I have tried using Selector Gadget but it just show either 'td' or 'tr:nth-child(6) td , tr:nth-child(2) td' if I select multiple.
Any help or pointers would be appreciated!
如果你对这篇内容有疑问,欢迎到本站社区发帖提问 参与讨论,获取更多帮助,或者扫码二维码加入 Web 技术交流群。
绑定邮箱获取回复消息
由于您还没有绑定你的真实邮箱,如果其他用户或者作者回复了您的评论,将不能在第一时间通知您!
发布评论
评论(3)
表中有一个使用 XPath 可以轻松利用的模式。包含所需信息的行的
标记缺少
class
属性。幸运的是,XPath 提供了一些简单的逻辑运算,包括not()
。这正好提供了我们需要的功能。一旦减少了要处理的行数,我们就可以使用 XPath 的
element[n]
选择器迭代行并提取必要列的文本。这里需要注意的一个重要事项是,XPath 从 1 开始计算元素,因此表行的第一列将为 td[1]。使用 Nokogiri(和规格)的示例代码:
There is a pattern in the table that is easy to leverage using XPath. The
<tr>
tag of rows with the required information lack theclass
attribute. Fortunately, XPath provides some simple logical operations includingnot()

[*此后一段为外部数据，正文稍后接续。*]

Lemma numradZ (c : C) X : numrad (c *: X) = normc c * numrad X.
Proof.
apply/le_anti/andP; split.
  apply: numrad_le; last by rewrite mulr_ge0 ?normc_ge0 ?numrad_ge0.
  by move=> x; rewrite qformZ Normc.normcM -mulrA ler_wpM2l ?normc_ge0 ?normc_qform_le.
have [->|c0] := eqVneq c 0; first by rewrite Normc.normc0 mul0r numrad_ge0.
rewrite -ler_pdivlMl ?normc_gt0 //; apply: numrad_le => [x|].
  rewrite -{1}(scalerK c0 X) qformZ Normc.normcM Normc.normcV -mulrA.
  by rewrite ler_wpM2l ?invr_ge0 ?normc_ge0 ?normc_qform_le.
by rewrite mulr_ge0 ?invr_ge0 ?normc_ge0 ?numrad_ge0.
Qed.

Lemma numradD X Y : numrad (X + Y) <= numrad X + numrad Y.
Proof.
apply: numrad_le => [x|]; last by rewrite addr_ge0 ?numrad_ge0.
rewrite qformD mulrDl (le_trans (le_normcD _ _)) //.
by rewrite lerD ?normc_qform_le.
Qed.

Lemma qform_addv X x y :
  qform X (x + y) = qform X x + qform X y + sform X x y + sform X y x.
Proof. by rewrite /qform /sform adjvD mulmxDl mulmxDr !mulmxDl !mxE; ring. Qed.

Lemma sformZr X x y (a : C) : sform X x (a *: y) = a * sform X x y.
Proof. by rewrite /sform -scalemxAr mxE. Qed.

Lemma sformZl X x y (a : C) : sform X (a *: x) y = a^* * sform X x y.
Proof. by rewrite /sform adjvZ -!scalemxAl mxE. Qed.

Lemma sform_delta X i j : sform X (delta_mx i 0) (delta_mx j 0) = X i j.
Proof.
rewrite /sform /adjv (_ : map_mx _ _ = delta_mx i 0); last first.
  by apply/matrixP => a b; rewrite !mxE conjc_nat.
by rewrite trmx_delta -rowE -colE !mxE.
Qed.

(* Polarization: the form vanishes on e_i + e_j and on e_i + 'i e_j, which
   forces X i j + X j i = 0 and X i j - X j i = 0. *)
Lemma numrad_eq0 X : numrad X = 0 -> X = 0.
Proof.
move=> X0.
have q0 x : qform X x = 0.
  apply: Normc.eq0_normc; apply/le_anti; rewrite normc_ge0 andbT.
  by have := normc_qform_le X x; rewrite X0 mul0r.
apply/matrixP => i j; rewrite mxE.
have := q0 (delta_mx i 0 + delta_mx j 0).
rewrite qform_addv !q0 !sform_delta !add0r => /eqP; rewrite addr_eq0 => /eqP Xji.
have := q0 (delta_mx i 0 + 'i *: delta_mx j 0).
rewrite qform_addv !q0 sformZr sformZl !sform_delta !add0r Xji.
rewrite [X in _ + X * _ = 0](_ : _ = - 'i); last first.
  by apply/eqP; rewrite eq_complex /= oppr0 !eqxx.
rewrite mulrN mulNr -opprD -mulr2n => /eqP.
rewrite oppr_eq0 mulrn_eq0 /= mulf_eq0 => /orP [|/eqP ->]; last exact: oppr0.
by rewrite eq_complex /= oner_eq0 andbF.
Qed.

Lemma is_norm_numrad : is_norm numrad.
Proof. by split; [exact: numrad_ge0 | exact: numrad_eq0 | exact: numradZ | exact: numradD]. Qed.

Lemma is_Mnorm_numrad : is_Mnorm numrad.
Proof.
split=> [|k Cs Xs sumCs]; first exact: is_norm_numrad.
apply: numrad_le => [x|]; last exact: bigmax_ge_id.
have qform_sum : qform (\sum_(i < k) (adjmx (Cs i) *m Xs i *m Cs i)) x =
    \sum_(i < k) qform (Xs i) (Cs i *m x).
  rewrite /qform /sform mulmx_sumr mulmx_suml summxE; apply: eq_bigr => i _.
  by rewrite adjv_mulmx !mulmxA.
have vnorm2_sum : \sum_(i < k) vnorm2 (Cs i *m x) = vnorm2 x.
  apply: (@complexI R); rewrite raddf_sum -adjv_mulmx_self -(mulmx1 (adjv x)) -sumCs.
  rewrite mulmx_sumr mulmx_suml summxE; apply: eq_bigr => i _.
  by rewrite !mulmxA -(mulmxA _ (Cs i)) -adjv_mulmx adjv_mulmx_self.
rewrite qform_sum -vnorm2_sum mulr_sumr (le_trans (normc_sum _ _ _)) //.
apply: ler_sum => i _; rewrite (le_trans (normc_qform_le _ _)) //.
by rewrite ler_wpM2r ?vnorm2_ge0 ?le_bigmax.
Qed.

End NumericalRadius.

Lemma is_Mnorm_scale (R : realType) (n : nat) (d : R) (N : 'M[R[i]]_n -> R) :
  0 < d -> is_Mnorm N -> is_Mnorm (fun A => d * N A).
Proof.
move=> d0 [[N_ge0 N_eq0 NZ ND] NM]; split; first split.
- by move=> A; rewrite mulr_ge0 ?N_ge0 ?ltW.
- by move=> A /eqP; rewrite mulf_eq0 gt_eqF //= => /eqP /N_eq0.
- by move=> c A; rewrite NZ mulrCA.
- by move=> A B; rewrite -mulrDr ler_pM2l ?ND.
- move=> k Cs Xs sumCs; rewrite -(big_endo _ (fun a b => maxr_pMr a b (ltW d0)) (mulr0 d)).
  by rewrite ler_pM2l // NM.
Qed.

Section PointwiseSup.
Variables (R : realType) (n : nat) (F : set ('M[R[i]]_n -> R)) (B : 'M[R[i]]_n -> R).
Hypotheses (F_Mnorm : forall N, F N -> is_Mnorm N) (F_le : forall N A, F N -> N A <= B A).
Hypothesis F_neq0 : (F !=set0)%classic.

Definition pointwise_sup (A : 'M[R[i]]_n) : R := sup [set N A | N in F]%classic.

Lemma le_pointwise_sup N A : F N -> N A <= pointwise_sup A.
Proof.
move=> FN; apply: (sup_upper_bound _ (ex_intro2 _ _ N FN erefl)).
by split; [exists (N A), N | exists (B A) => _ [N' FN' <-]; exact: F_le].
Qed.

Lemma pointwise_sup_le A b : (forall N, F N -> N A <= b) -> pointwise_sup A <= b.
Proof.
move=> Fb; have [N FN] := F_neq0.
by apply: ge_sup; [exists (N A), N | move=> _ [N' FN' <-]; exact: Fb].
Qed.

Lemma pointwise_sup_ge0 A : 0 <= pointwise_sup A.
Proof.
have [N FN] := F_neq0; have [[N_ge0 _ _ _] _] := F_Mnorm FN.
exact: le_trans (N_ge0 A) (le_pointwise_sup A FN).
Qed.

Lemma pointwise_supZ_le (c : R[i]) A : pointwise_sup (c *: A) <= normc c * pointwise_sup A.
Proof.
apply: pointwise_sup_le => N FN; have [[_ _ NZ _] _] := F_Mnorm FN.
by rewrite NZ ler_wpM2l ?normc_ge0 ?le_pointwise_sup.
Qed.

Lemma is_Mnorm_pointwise_sup : is_Mnorm pointwise_sup.
Proof.
split; first split.
- exact: pointwise_sup_ge0.
- move=> A A0; have [N FN] := F_neq0; have [[N_ge0 N_eq0 _ _] _] := F_Mnorm FN.
  by apply: N_eq0; apply/le_anti; rewrite N_ge0 -A0 le_pointwise_sup.
- move=> c A; apply/le_anti; rewrite pointwise_supZ_le /=.
  have [->|c0] := eqVneq c 0; first by rewrite Normc.normc0 mul0r pointwise_sup_ge0.
  rewrite -ler_pdivlMl ?normc_gt0 // -Normc.normcV.
  by rewrite -{1}(scalerK c0 A) pointwise_supZ_le.
- move=> A A'; apply: pointwise_sup_le => N FN; have [[_ _ _ ND] _] := F_Mnorm FN.
  by rewrite (le_trans (ND A A')) // lerD ?le_pointwise_sup.
- move=> k Cs Xs sumCs; apply: pointwise_sup_le => N FN; have [_ NM] := F_Mnorm FN.
  rewrite (le_trans (NM k Cs Xs sumCs)) // le_bigmax2 // => i _.
  exact: le_pointwise_sup.
Qed.

End PointwiseSup.

Theorem corollary3p2 (R : realType) (n : nat) (nrm : 'M[R[i]]_n -> R) :
  is_norm nrm ->
  exists N0 : 'M[R[i]]_n -> R,
    [/\ is_Mnorm N0,
        (forall A, N0 A <= nrm A)
      & (forall N : 'M[R[i]]_n -> R,
           is_Mnorm N -> (forall A, N A <= nrm A) -> forall A, N A <= N0 A)].
Proof.
move=> nrm_norm; have [c c0 abs_sum_le] := is_norm_dominates_abs_sum nrm_norm.
pose below := [set N | is_Mnorm N /\ forall A, N A <= nrm A]%classic.
have below_numrad : below (fun A => c^-1 * numrad A).
  split=> [|A]; first by apply: is_Mnorm_scale (is_Mnorm_numrad R n); rewrite invr_gt0.
  by rewrite ler_pdivrMl // (le_trans (numrad_le_abs_sum A)) ?abs_sum_le.
have below_neq0 : (below !=set0)%classic by exists (fun A => c^-1 * numrad A).
have below_Mnorm N : below N -> is_Mnorm N by case.
have below_le N A : below N -> N A <= nrm A by case=> _; apply.
exists (pointwise_sup below); split.
- exact: is_Mnorm_pointwise_sup below_Mnorm below_le below_neq0.
- by move=> A; apply: (pointwise_sup_le below_neq0) => N [_]; apply.
- by move=> N NM Nle A; apply: (le_pointwise_sup below_le).
Qed.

. This provides just the functionality we need.Once we've reduced the number of rows we're dealing with, we can iterate over the rows and extract the text of the necessary columns by using XPath's
element[n]
selector. One important note here is that XPath counts elements starting from 1, so the first column of a table row would betd[1]

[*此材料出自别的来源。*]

Lemma hier_pauliMl k P U : is_pauli P -> hier k U -> hier k (P *m U).
Proof.
case: k => [|k] hP /=; first exact: pauliM.
case=> hU hUQ; split=> [|Q hQ]; first by apply: unitaryM => //; exact: pauli_unitary.
by rewrite conj_mulmx_nested; exact/hier_conj_pauli/hUQ.
Qed.

Lemma hier_cliffordMr k U V : hier k.+1 U -> hier 1 V -> hier k.+1 (U *m V).
Proof.
case=> hU hUQ [hV hVQ]; split=> [|Q hQ]; first exact: unitaryM.
by rewrite conj_mulmx_nested; exact/hUQ/hVQ.
Qed.

Lemma clifford_mxpow U j : hier 1 U -> hier 1 (mxpow U j).
Proof.
move=> hU; elim: j => [|j IH]; first exact/pauli_clifford/pauli1mx.
by rewrite mxpowSr; exact: hier_cliffordMr.
Qed.

Lemma clifford_adjoint U j : (0 < j)%N -> hier 1 U -> is_pauli (mxpow U j) -> hier 1 (adjoint U).
Proof.
case: j => [//|j] _ hU hUj; have [_ Uj2] := hier_unitary (clifford_mxpow j hU).
have -> : adjoint U = adjoint (mxpow U j.+1) *m mxpow U j.
  by rewrite mxpowSr adjointM -mulmxA Uj2 mulmx1.
exact/hier_pauliMl/clifford_mxpow/hU/pauli_adjoint.
Qed.

End Hierarchy.

Section ControlledClifford.
Variable C : numClosedFieldType.
Local Notation X := (pauli1 C ordX).

Lemma ctrl_sign_pauli n s : sign s -> is_pauli (ctrl (s *: 1%:M : 'M[C]_(2 ^ n))).
Proof.
case=> ->; first by rewrite scale1r ctrl1; exact: pauli1mx.
by rewrite ctrlN1; exact/pauli_kron/pauli1mx.
Qed.

Lemma ctrl_conj_control_pauli n (V : 'M[C]_(2 ^ n)) a : unitary V ->
  exists2 P, is_pauli P &
    let CPC := ctrl V *m kron2 (pauli1 C a) 1%:M *m adjoint (ctrl V) in
    CPC = P \/ CPC = P *m ctrl (V *m V) *m kron2 X (adjoint V).
Proof.
move=> hV; have [V1 _] := hV; have hCV := ctrl_unitary hV; have [CV1 _] := hCV.
have hZ : is_pauli (kron2 (pauli1 C ordZ) (1%:M : 'M[C]_(2 ^ n))) by exact/pauli_kron/pauli1mx.
case: a => [[|[|[|[|//]]]] lt_a4].
- exists 1%:M; first exact: pauli1mx.
  by left; rewrite /= kron2_1 mulmx1 CV1.
- by exists 1%:M; [exact: pauli1mx | right; rewrite mul1mx (ctrl_conj_controlX_ctrl V1)].
- exists (- 'i *: kron2 (pauli1 C ordZ) 1%:M).
    by apply: pauliZ hZ; rewrite /phase; tauto.
  right; have -> : pauli1 C (Ordinal lt_a4) = pauli1 C ordY by [].
  have ZX : kron2 (pauli1 C ordZ *m X) (1%:M : 'M[C]_(2 ^ n)) =
      kron2 (pauli1 C ordZ) 1%:M *m kron2 X 1%:M by rewrite kron2M mulmx1.
  rewrite pauli1Y kron2Zl ZX -!scalemxAr -!scalemxAl (conj_mulmx _ _ hCV).
  by rewrite (ctrl_conj_controlZ hV) (ctrl_conj_controlX_ctrl V1) !mulmxA.
- by exists (kron2 (pauli1 C ordZ) 1%:M); last (left; exact: ctrl_conj_controlZ).
Qed.

Lemma ctrl_conj_pauli n (V : 'M[C]_(2 ^ n)) P : unitary V -> is_pauli P ->
  exists P1 S, [/\ is_pauli P1, is_pauli_string S &
    let W := S *m V *m S *m adjoint V in
    let CPC := ctrl V *m P *m adjoint (ctrl V) in
    CPC = P1 *m ctrl W \/
    CPC = P1 *m (ctrl (V *m V) *m (kron2 X (adjoint V) *m kron2 1%:M S *m ctrl W))].
Proof.
move=> hV /pauli_first_qubit [w [a [S [hw hS ->]]]].
have [P' hP' hCPC] := ctrl_conj_control_pauli a hV.
have hS1 : is_pauli (kron2 1%:M S) by exact/(pauli_kron ordI)/pauli_string_pauli.
have -> : w *: kron2 (pauli1 C a) S = w *: (kron2 (pauli1 C a) 1%:M *m kron2 1%:M S).
  by rewrite kron2M mulmx1 mul1mx.
rewrite -scalemxAr -scalemxAl (conj_mulmx _ _ (ctrl_unitary hV)).
rewrite (ctrl_conj_target _ (pauli_string_sqr hS)).
case: hCPC => /= ->.
  exists (w *: (P' *m kron2 1%:M S)), S; split=> //; first exact/pauliZ/pauliM.
  by left; rewrite -scalemxAl -!mulmxA.
exists (w *: P'), S; split=> //; first exact: pauliZ.
by right; rewrite -!scalemxAl !mulmxA.
Qed.

Lemma kron2_id_clifford n (B : 'M[C]_(2 ^ n)) : hier 1 B -> hier 1 (kron2 1%:M B).
Proof.
move=> hB; have [B1 B2] := hier_unitary hB; split.
  by split; rewrite kron2_adjoint kron2M adjoint1 mulmx1 ?B1 ?B2 kron2_1.
move=> P /pauli_first_qubit [w [b [S [hw hS ->]]]] /=.
rewrite -scalemxAr -scalemxAl kron2_adjoint !kron2M adjoint1 mul1mx mulmx1.
by apply/pauliZ/pauli_kron/clifford_conj/pauli_string_pauli.
Qed.

Lemma kron2_X_clifford n (B : 'M[C]_(2 ^ n)) : hier 1 B -> hier 1 (kron2 X B).
Proof.
move=> hB; have -> : kron2 X B = kron2 X 1%:M *m kron2 1%:M B by rewrite kron2M mulmx1 mul1mx.
exact/hier_pauliMl/kron2_id_clifford/hB/pauli_kron/pauli1mx.
Qed.

Lemma clifford_ctrl_of_pauli n (V : 'M[C]_(2 ^ n)) : is_pauli V -> hier 1 (ctrl V).
Proof.
move=> hV; split=> [|P hP]; first exact/ctrl_unitary/pauli_unitary.
have [P1 [S [hP1 hS hCPC]]] := ctrl_conj_pauli (pauli_unitary hV) hP.
have hCW : is_pauli (ctrl (S *m V *m S *m adjoint V)).
  have [s hs] := pauli_commutator (pauli_string_pauli hS) hV.
  by rewrite pauli_string_adjoint // => ->; exact: ctrl_sign_pauli.
have [t ht VV] := pauli_sqr hV.
case: hCPC => /= ->; first exact: pauliM.
apply: pauliM => //; apply: pauliM; first by rewrite VV; exact: ctrl_sign_pauli.
apply: pauliM => //; apply: pauliM; first exact/pauli_kron/pauli_adjoint.
exact/(pauli_kron ordI)/pauli_string_pauli.
Qed.

Lemma hier_ctrl_of_pauli_mxpow k n (V : 'M[C]_(2 ^ n)) :
  hier 1 V -> is_pauli (mxpow V (2 ^ k)) -> hier k.+1 (ctrl V).
Proof.
elim: k n V => [|k IH] n V hV hVk; first by apply: clifford_ctrl_of_pauli; rewrite -[V]mxpow1.
split=> [|P hP]; first exact: ctrl_unitary (hier_unitary hV).
have [P1 [S [hP1 hS hCPC]]] := ctrl_conj_pauli (hier_unitary hV) hP.
have hCW : hier 1 (ctrl (S *m V *m S *m adjoint V)).
  apply: clifford_ctrl_of_pauli; rewrite -!mulmxA; apply: pauliM; first exact: pauli_string_pauli.
  by rewrite !mulmxA; apply/clifford_conj/pauli_string_pauli.
case: hCPC => ->; first by apply: hier_pauliMl => //; exact: hier_le hCW.
apply: hier_pauliMl => //; apply: hier_cliffordMr.
  by apply: IH; [exact: hier_cliffordMr | rewrite mxpow_sqr].
apply: (@hier_cliffordMr _ _ 0) => //; apply: hier_cliffordMr.
  by apply/kron2_X_clifford/(clifford_adjoint _ hV hVk); rewrite expn_gt0.
exact/pauli_clifford/(pauli_kron ordI)/pauli_string_pauli.
Qed.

.Example code using Nokogiri (and specs):
您的答案就在这个railscasts
http://railscasts.com/episodes/190- screen-scraping-with-nokogiri
这也有帮助
如何使用 Nokogiri 解析 HTML 表格?
Your answer lies in this railscasts
http://railscasts.com/episodes/190-screen-scraping-with-nokogiri
This too can help
How do I parse an HTML table with Nokogiri?

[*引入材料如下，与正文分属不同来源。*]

Lemma ctr_path_inj t u w : is_internal t u -> is_internal t w ->
  ctr_path t u = ctr_path t w -> u = w.
Proof.
move=> int_u int_w eq_uw.
have := prefix_ctr_path int_u int_w; rewrite eq_uw prefix_refl prefixE.
by rewrite take_oversize -?(size_ctr_path t u) ?eq_uw ?size_ctr_path // => /esym/eqP.
Qed.

Lemma lexi_ctr_path t v w : is_internal t v -> is_node t w -> lexi v w ->
  lexi (ctr_path t v) (ctr_path t w).
Proof.
elim: v t w => [|i v IH] [cs] [|j w] //.
rewrite is_internal_cons is_node_cons => /andP[lt_i int_v] /andP[lt_j node_w].
rewrite !ctr_path_cons //; case: (ltngtP i j) => [lt_ij _|lt_ji|eq_ij].
- have := count_internal_take_lt lt_ij (ltnW lt_j) (internalb_root int_v).
  by move=> lt_count; rewrite neqhead_lexiE ?(ltn_eqF lt_count).
- by move=> /lexi_lehead le_ij; move: (leq_trans lt_ji le_ij); rewrite ltnn.
- by subst j; rewrite !eqhead_lexiE; exact: IH.
Qed.

Lemma ctr_label_path t l w : is_internal t w ->
  ctr_label t l (ctr_path t w) = (l (rcons w 0) + 1)%R.
Proof.
move=> int_w; rewrite /ctr_label.
set S := [seq p <- preorder t | _].
have w_S : w \in S by rewrite mem_filter int_w eqxx mem_preorder internal_node.
have S_w p : p \in S -> p = w.
  by rewrite mem_filter => /andP[/andP[int_p /eqP]] /(ctr_path_inj int_p int_w).
by case: S w_S S_w => [//|p S] _ /(_ p (mem_head _ _))->.
Qed.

您应该能够使用 XPath 选择器从根(最坏的情况)到达所需的确切节点。 此处列出了将 XPath 与 Nokogiri 结合使用。
有关如何使用 XPath 访问所有元素的详细信息,请查看此处。
You should be able to reach the exact node you required from the root (worst case) using XPath selectors. Using XPath with Nokogiri is listed here.
For detail on how reach all your elements using XPath, look here.